Lemma cauchy_derivative_formula (f f' : C -> C) (z : C) :
  (forall w : C, a <= fst w <= b -> c <= snd w <= d -> cderiv f w (f' w)) ->
  Cmod (z - z0)%C < rho / 2 -> (f' z * int_inv z = int_f_inv_sq f z + (- f z) * int_inv_sq z)%C.
Proof.
  intros HD Hz.
  assert (Hk0 := derivative_kernel_int f f' z HD Hz).
  assert (Hoff : forall w, on_boundary a b c d w -> w <> z) by (intros w Hw; exact (near_center_off_boundary u0 v0 rho Hrho w z Hw Hz)).
  assert (Hfc : forall w, on_boundary a b c d w -> ccont f w).
  { intros w [Hw1 [Hw2 _]]. eapply cderiv_cont. apply HD; auto. }
  assert (Hq2 : forall w, on_boundary a b c d w -> ccont (fun w => / ((w - z) * (w - z)))%C w)
    by (intros w Hw; apply ccont_inv_sq_sub; auto).
  rewrite rect_lin in Hk0; auto; [|apply boundary_cont_of; auto..].
  - rewrite (rect_ext _ (fun w => 1 * (f w * / ((w - z) * (w - z))) + (- f z) * / ((w - z) * (w - z)))%C)
      in Hk0 by (intros; ring).
    rewrite rect_lin in Hk0; auto; [|apply boundary_cont_of; auto..].
    + unfold int_inv, int_inv_sq, int_f_inv_sq. fold a b c d.
      set (I1 := rect_int (fun w => / (w - z))%C a b c d) in *.
      set (I2 := rect_int (fun w => / ((w - z) * (w - z)))%C a b c d) in *.
      set (I3 := rect_int (fun w => f w * / ((w - z) * (w - z)))%C a b c d) in *.
      replace (f' z * I1)%C with (f' z * I1 + (1 * (1 * I3 + - f z * I2) + - f' z * I1))%C
        by (rewrite Hk0; ring).
      ring.
    + intros w Hw. apply (ccont_mult f); auto.
  - intros w Hw. apply (ccont_mult (fun w => f w - f z)%C); auto.
    apply (ccont_plus f (fun _ => - f z)%C); auto. apply ccont_const.
  - intros w Hw. apply ccont_inv_sub; auto.
Qed.
(* Let $X$ be a connected CW complex with fundamental group $G$ and universal cover $\widetilde X$ (with the induced cell structure), and let $\alpha\in C^k(\widetilde X;\mathbb{R})$ be a cellular cocycle. Suppose there is $\Lambda\ge0$ such that $|\alpha(c)|\le\Lambda\,\|\partial c\|_1$ for every cellular chain $c\in C_k(\widetilde X;\mathbb{R})$. Then $\alpha$ is bounded on orbits and $[\alpha]=0\in H^k_{(\infty)}(X;\mathbb{R})$. Moreover, if the $(k-1)$-skeleton of $X$ is finite, the converse holds: if $\alpha$ is a cellular cocycle bounded on orbits with $[\alpha]=0$ in $H^k_{(\infty)}(X;\mathbb{R})$, then such a $\Lambda$ exists.
   Context: $\|\cdot\|_1$ on cellular chains of $\widetilde X$ is the $\ell^1$-norm with respect to the basis of cells. $G$ acts on cells of $\widetilde X$ by covering transformations. A cellular real cochain on $\widetilde X$ is bounded on orbits if for every cell $e$ the set $\{\alpha(g\cdot e):g\in G\}$ is bounded. $H^\bullet_{(\infty)}(X;\mathbb{R})$ is (canonically isomorphic to) the cohomology of the complex of real cellular cochains on $\widetilde X$ bounded on orbits; equivalently $H^\bullet(X;\ell^\infty(G,\mathbb{R}))$ with $\ell^\infty(G,\mathbb{R})$ the bounded real functions on $G$ with action $(g f)(h)=f(g^{-1}h)$. *)

From HB Require Import structures.
From mathcomp Require Import all_boot all_order all_algebra.
From mathcomp Require Import monoid.
From mathcomp Require Import reals.
Set Implicit Arguments. Unset Strict Implicit. Unset Printing Implicit Defensive.
Import Order.TTheory GRing.Theory Num.Theory.
Local Open Scope ring_scope.

(* The cellular chain complex of the universal cover tilde X of a CW complex X,
   together with the action of G = pi_1(X) by covering transformations, which
   permutes cells freely. The boundary of a
   0-chain is 0 (unaugmented cellular chain complex). *)
Record GCellComplex (G : groupType) := {
  cell : nat -> eqType;
  act : forall n, G -> cell n -> cell n;
  act1 : forall n (e : cell n), act 1%g e = e;
  actM : forall n (g h : G) (e : cell n), act (g * h)%g e = act g (act h e);
  act_free : forall n (g : G) (e : cell n), act g e = e -> g = 1%g;
  bd : forall n, cell n.+1 -> seq (int * cell n);
  bd_equiv : forall n (g : G) (e : cell n.+1) (f : cell n),
     \sum_(q <- bd (act g e) | q.2 == act g f) q.1
     = \sum_(q <- bd e | q.2 == f) q.1;
  bd_bd : forall n (e : cell n.+2) (f : cell n),
     \sum_(p <- bd e) p.1 * \sum_(q <- bd p.2 | q.2 == f) q.1 = 0
}.

Section Chains.
Variables (G : groupType) (X : GCellComplex G) (R : realType).

Definition chain n := seq (R * cell X n).

Definition coeff n (c : chain n) (x : cell X n) : R :=
  \sum_(p <- c | p.2 == x) p.1.

Definition norm1 n (c : chain n) : R :=
  \sum_(x <- undup (map snd c)) `|coeff c x|.

Definition eval n (a : cell X n -> R) (c : chain n) : R :=
  \sum_(p <- c) p.1 * a p.2.

Definition chain_bd n (c : chain n.+1) : chain n :=
  flatten [seq [seq (p.1 * q.1%:~R, q.2) | q <- bd p.2] | p <- c].

Definition bd_norm k : chain k -> R :=
  match k return chain k -> R with
  | 0 => fun _ => 0
  | n.+1 => fun c => norm1 (chain_bd c)
  end.

Definition cobd n (b : cell X n -> R) (e : cell X n.+1) : R :=
  \sum_(q <- bd e) q.1%:~R * b q.2.

Definition cocycle k (a : cell X k -> R) : Prop :=
  forall e : cell X k.+1, cobd a e = 0.

Definition bounded_on_orbits n (a : cell X n -> R) : Prop :=
  forall e : cell X n, exists M : R, forall g : G, `|a (act g e)| <= M.

(* [a] = 0 in H^k_(oo)(X;R): a is the coboundary of a cochain bounded
   on orbits (for k = 0 there are no (k-1)-cochains, so a = 0). *)
Definition linf_cohom_zero k : (cell X k -> R) -> Prop :=
  match k return (cell X k -> R) -> Prop with
  | 0 => fun a => forall e, a e = 0
  | n.+1 => fun a => exists b : cell X n -> R,
              bounded_on_orbits b /\ forall e, a e = cobd b e
  end.

(* the (k-1)-skeleton of X = tilde X / G is finite: in every dimension
   n <= k-1 there are finitely many G-orbits of cells *)
Definition finite_skeleton_below k : Prop :=
  forall n, (n < k)%N -> exists s : seq (cell X n),
    forall e : cell X n, exists g : G, exists2 e0, e0 \in s & e = act g e0.

Definition ell1_bd_bounded k (a : cell X k -> R) : Prop :=
  exists Lambda : R, 0 <= Lambda /\
    forall c : chain k, `|eval a c| <= Lambda * bd_norm c.

End Chains.

From HB Require Import structures.
From mathcomp Require Import all_boot all_order all_algebra.
From mathcomp Require Import monoid reals boolp classical_sets.
From mathcomp Require Import ring lra.
Set Implicit Arguments. Unset Strict Implicit. Unset Printing Implicit Defensive.
Import Order.TTheory GRing.Theory Num.Theory.
Local Open Scope ring_scope.

(* The theorem is an instance of the duality between l^1 chains and
   l^oo cochains.  For a (k+1)-cocycle a with |a(c)| <= Lam ||dc||_1, the
   functional dc |-> a(c) on boundaries is well defined and has norm <= Lam
   for the l^1 norm; by a Hahn-Banach argument it extends to a functional on
   all k-chains of norm <= Lam, i.e. to a k-cochain b with |b| <= Lam and
   a = db.  Such a b is bounded on orbits, and so is a = db because the
   action of G preserves ||de||_1.  Conversely, if a = db with b bounded on
   orbits and there are finitely many orbits of k-cells, b is bounded by
   some M and |a(c)| = |b(dc)| <= M ||dc||_1. *)

Section ChainAlgebra.
Variables (G : groupType) (X : GCellComplex G) (R : realType) (n : nat).
Implicit Types (c d : chain X R n) (b : cell X n -> R).

Definition support c : seq (cell X n) := map snd c.
Lemma ln_spectral_radius_of_ge (T : finType) (A : T -> T -> R) (q : T -> R) :
  (forall a b, 0 < A a b) -> (forall a, 0 < q a) -> \sum_a q a = 1 ->
  \sum_a q a * \sum_b q b * ln (A a b / q b) <= ln (spectral_radius_of A).
Proof.
move=> A_gt0 q_gt0 q_sum1.
have -> : \sum_a q a * \sum_b q b * ln (A a b / q b) =
    \sum_i q (enum_val i) * \sum_j q (enum_val j) * ln (mx_of A i j / q (enum_val j)).
  rewrite -(sum_enum_val (fun a => q a * \sum_b q b * ln (A a b / q b))).
  apply: eq_bigr => i _; congr (_ * _); rewrite -sum_enum_val.
  by apply: eq_bigr => j _; rewrite mxE.
apply: ln_spectral_radius_ge => [i j|i|]; rewrite ?mxE ?sum_enum_val //.
Qed.

Lemma spectral_radius_of_rank_one_le1 (T : finType) (A : T -> T -> R) (w : T -> R) :
  (forall a b, A a b = w b) -> \sum_b w b = 1 -> spectral_radius_of A <= 1.
Proof.
move=> Aw w_sum1; apply: (spectral_radius_rank_one_le1 (w := w \o enum_val)) => [i j|].
  by rewrite mxE Aw.
by rewrite sum_enum_val.
Qed.

End SpectralRadius.

Lemma ereal_sup_attained (R : realType) (I : Type) (F : I -> R) (v : R) (i0 : I) :
  (forall i, F i <= v) -> v <= F i0 ->
  ereal_sup [set (F i)%:E | i in [set: I]] = v%:E.
Proof.
move=> F_le Fi0_ge; apply/le_anti/andP; split.
  by apply: ge_ereal_sup => _ [i _ <-]; rewrite lee_fin.
apply: le_trans (_ : (v%:E <= (F i0)%:E)%E) _; first by rewrite lee_fin.
by apply: ereal_sup_ubound; exists i0.
Qed.

Section PairKernel.
Variables (R : realType) (S T : finType) (s1 s2 : T -> S) (nu : T -> R).
Variables (mu : S -> R) (q : T -> R) (h : S -> R).

Definition pair_kernel (G : S -> S -> R) (a b : T) : R :=
  expR (G (s1 a) (s1 b) + G (s2 a) (s2 b)) * nu b.

Definition pair_mean (G : S -> S -> R) : R :=
  \sum_z \sum_z' mu z * mu z' * G z z'.

Definition pushes_to (s : T -> S) :=
  forall phi : S -> R, \sum_b q b * phi (s b) = \sum_z mu z * phi z.

Hypotheses (mu_sum1 : \sum_z mu z = 1) (q_gt0 : forall b, 0 < q b).
Hypotheses (q_s1 : pushes_to s1) (q_s2 : pushes_to s2).
Hypothesis nu_tilt : forall b, nu b * expR (h (s1 b) + h (s2 b)) = q b.

Lemma pushes_to_sum1 : \sum_b q b = 1.
Proof.
have := q_s1 (fun=> 1); under eq_bigr do rewrite mulr1.
by under [in RHS]eq_bigr do rewrite mulr1; rewrite mu_sum1.
Qed.

Lemma pushes_to_mean (s : T -> S) (G : S -> S -> R) : pushes_to s ->
  \sum_a q a * \sum_b q b * G (s a) (s b) = pair_mean G.
Proof.
move=> q_s; rewrite (q_s (fun z => \sum_b q b * G z (s b))).
apply: eq_bigr => z _; rewrite (q_s (G z)) mulr_sumr.
by apply: eq_bigr => z' _; rewrite mulrA.
Qed.

Lemma pair_kernel_ratio G a b : pair_kernel G a b / q b =
  expR (G (s1 a) (s1 b) + G (s2 a) (s2 b) - (h (s1 b) + h (s2 b))).
Proof.
have nu_neq0 : nu b != 0.
  by apply: contraTneq (q_gt0 b) => nu0; rewrite -nu_tilt nu0 mul0r ltxx.
rewrite /pair_kernel -nu_tilt expRB; field.
by rewrite nu_neq0 !gt_eqF ?expR_gt0.
Qed.

Lemma pair_kernel_gt0 G a b : 0 < pair_kernel G a b.
Proof.
rewrite -[pair_kernel G a b](divfK (lt0r_neq0 (q_gt0 b))) pair_kernel_ratio.
by rewrite mulr_gt0 ?expR_gt0.
Qed.

Lemma pair_objective_le G :
  2 * pair_mean G - ln (spectral_radius_of (pair_kernel G))
    <= 2 * \sum_z mu z * h z.
Proof.
have := ln_spectral_radius_of_ge (@pair_kernel_gt0 G) q_gt0 pushes_to_sum1.
under eq_bigr do under eq_bigr do rewrite pair_kernel_ratio expRK.
have inner a : \sum_b q b * (G (s1 a) (s1 b) + G (s2 a) (s2 b) - (h (s1 b) + h (s2 b)))
    = \sum_b q b * G (s1 a) (s1 b) + \sum_b q b * G (s2 a) (s2 b)
      - (\sum_z mu z * h z + \sum_z mu z * h z).
  rewrite -{1}(q_s1 h) -(q_s2 h) -!big_split /= -sumrB.
  by apply: eq_bigr => b _; ring.
under eq_bigr do rewrite inner mulrBr mulrDr.
rewrite sumrB big_split /= -mulr_suml pushes_to_sum1 mul1r !pushes_to_mean //.
lra.
Qed.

GOAL OF THE EXERCISE. What is needed is every line from the beginning of the data up to and including the line with "- intros w Hw. apply (ccont_mult", given again word for word.

EXERCISE ANSWER.
Lemma cauchy_derivative_formula (f f' : C -> C) (z : C) :
  (forall w : C, a <= fst w <= b -> c <= snd w <= d -> cderiv f w (f' w)) ->
  Cmod (z - z0)%C < rho / 2 -> (f' z * int_inv z = int_f_inv_sq f z + (- f z) * int_inv_sq z)%C.
Proof.
  intros HD Hz.
  assert (Hk0 := derivative_kernel_int f f' z HD Hz).
  assert (Hoff : forall w, on_boundary a b c d w -> w <> z) by (intros w Hw; exact (near_center_off_boundary u0 v0 rho Hrho w z Hw Hz)).
  assert (Hfc : forall w, on_boundary a b c d w -> ccont f w).
  { intros w [Hw1 [Hw2 _]]. eapply cderiv_cont. apply HD; auto. }
  assert (Hq2 : forall w, on_boundary a b c d w -> ccont (fun w => / ((w - z) * (w - z)))%C w)
    by (intros w Hw; apply ccont_inv_sq_sub; auto).
  rewrite rect_lin in Hk0; auto; [|apply boundary_cont_of; auto..].
  - rewrite (rect_ext _ (fun w => 1 * (f w * / ((w - z) * (w - z))) + (- f z) * / ((w - z) * (w - z)))%C)
      in Hk0 by (intros; ring).
    rewrite rect_lin in Hk0; auto; [|apply boundary_cont_of; auto..].
    + unfold int_inv, int_inv_sq, int_f_inv_sq. fold a b c d.
      set (I1 := rect_int (fun w => / (w - z))%C a b c d) in *.
      set (I2 := rect_int (fun w => / ((w - z) * (w - z)))%C a b c d) in *.
      set (I3 := rect_int (fun w => f w * / ((w - z) * (w - z)))%C a b c d) in *.
      replace (f' z * I1)%C with (f' z * I1 + (1 * (1 * I3 + - f z * I2) + - f' z * I1))%C
        by (rewrite Hk0; ring).
      ring.
    + intros w Hw. apply (ccont_mult f); auto.
  - intros w Hw. apply (ccont_mult (fun w => f w - f z)%C); auto.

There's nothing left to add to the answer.